The study design was exploratory, descriptive, and cross-sectional. Qualitative methods were chosen to explore participants' perspectives in their own words. In-depth in-person interviews were conducted with 43 EMS providers. Interviews were audio recorded and professionally transcribed. Interview transcripts were entered in Atlas.ti for data management and coding.
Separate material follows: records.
(* L is the Legendre polynomial L_n, via Rodrigues' formula:
   L(s) = 1/(2^n n!) d^n/ds^n (s^2-1)^n, with the iterated derivatives
   g 0, ..., g n of (s^2-1)^n taken everywhere on R. *)
Definition is_legendre (n : nat) (L : R -> R) : Prop :=
  exists g : nat -> R -> R,
    (forall s, g 0%nat s = (s ^ 2 - 1) ^ n) /\
    (forall k s, (k < n)%nat -> derivable_pt_lim (g k) s (g (S k) s)) /\
    (forall s, L s = g n s / (2 ^ n * INR (fact n))).

Definition is_largest_zero (L : R -> R) (z : R) : Prop :=
  -1 < z < 1 /\ L z = 0 /\ (forall y, -1 < y < 1 -> L y = 0 -> y <= z).

Definition legendre_sol (n : nat) (f : R -> R) : Prop :=
  exists f1 f2 : R -> R,
    forall s, -1 < s < 1 ->
      derivable_pt_lim f s (f1 s) /\ derivable_pt_lim f1 s (f2 s) /\
      (1 - s ^ 2) * f2 s - 2 * s * f1 s + INR (pexp n) * f s = 0.

(* admissible pair (f,c): c > 0, f a solution on (-1,1) which extends
   continuously to s = 1 (the extension value being f 1), f(1) > 1, and there
   is x in (-1,1) where f touches h_c (same value and derivative) with
   f > h_c on (x,1]. *)
Definition admissible (n : nat) (f : R -> R) (c : R) : Prop :=
  0 < c /\ legendre_sol n f /\
  limit1_in f (fun s => -1 < s < 1) (f 1) 1 /\
  f 1 > 1 /\
  exists x d, -1 < x < 1 /\ f x = hc n c x /\
    derivable_pt_lim f x d /\ derivable_pt_lim (hc n c) x d /\
    (forall s, x < s <= 1 -> f s > hc n c s).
The analysis was deductive and guided by a conceptual model of 4 contexts of end-of-life decision-making that is not setting-specific, but has been applied to prehospital care in this study.

RESULTS

The findings illustrate the relationship between awareness of dying and documentation of wishes in EMS calls. The 4 decisional contexts are: (1) Awareness of Dying-Wishes Documented: Families were prepared but validation and/or support was needed in the moment; (2) Awareness of Dying-Wishes Undocumented: EMS must initiate treatment, medical control guidance was needed; (3) Unaware of Dying-Wishes Documented: Shock, expectation that EMS can stop the dying; and (4) Unaware of Dying-Wishes Undocumented: Families were unprepared, uncertain, frantic. Each context is illustrated by representative quotes from participants. Discordance and conflict was found in each decisional context.

CONCLUSIONS

This study illustrates that EMS providers are acutely aware of the impact of their decisions and actions on families at the end of life. How emergency calls near the end of life are handled influences how people die, whether their preferences are honored, and the appropriate use of ambulance transport and ED care. The findings highlight how the intersection of awareness of dying and documentation of wishes influence prehospital decision-making in end-of-life emergencies and demonstrate the key role EMS providers have in this critical period.

摘要

背景

紧急医疗服务(EMS)的主要职责是拯救生命。然而,EMS 人员经常被呼叫到可能不是延长生命的首要目标的现场。当某人接近死亡时,家属可能会感到不得不拨打 9-1-1,因为他们对如何管理生命末期的症状感到不确定。

目的

我们旨在探讨院前提供者对临终意识和临终意愿记录如何影响生命末期紧急呼叫决策的看法。

方法

该研究设计为探索性、描述性和横断面研究。选择定性方法来探索参与者用自己的话表达的观点。对 43 名 EMS 提供者进行了深入的面对面访谈。访谈进行了录音,并由专业人员进行了转录。访谈记录输入 Atlas.ti 进行数据管理和编码。分析是演绎式的,并以一个不是特定于特定情况的、但已应用于本研究中的院前护理的四个临终决策背景的概念模型为指导。

结果

研究结果说明了 EMS 呼叫中临终意识和意愿记录之间的关系。四个决策背景分别为:(1)临终意识-记录意愿:家属有准备,但在当下需要验证和/或支持;(2)临终意识-未记录意愿:EMS 必须开始治疗,需要医疗控制指导;(3)未意识到临终-记录意愿:震惊,期望 EMS 可以阻止死亡;(4)未意识到临终-未记录意愿:家属没有准备,不确定,慌乱。每个背景都有参与者的代表性引语来说明。在每个决策背景中都发现了不一致和冲突。

结论

本研究表明,EMS 提供者敏锐地意识到他们在生命末期的决策和行动对家庭的影响。如何处理生命末期的紧急呼叫会影响人们的死亡方式、他们的意愿是否得到尊重,以及救护车运输和急诊护理的合理使用。研究结果突出了临终意识和意愿记录的交叉如何影响生命末期的院前决策,并展示了 EMS 提供者在这一关键时期的关键作用。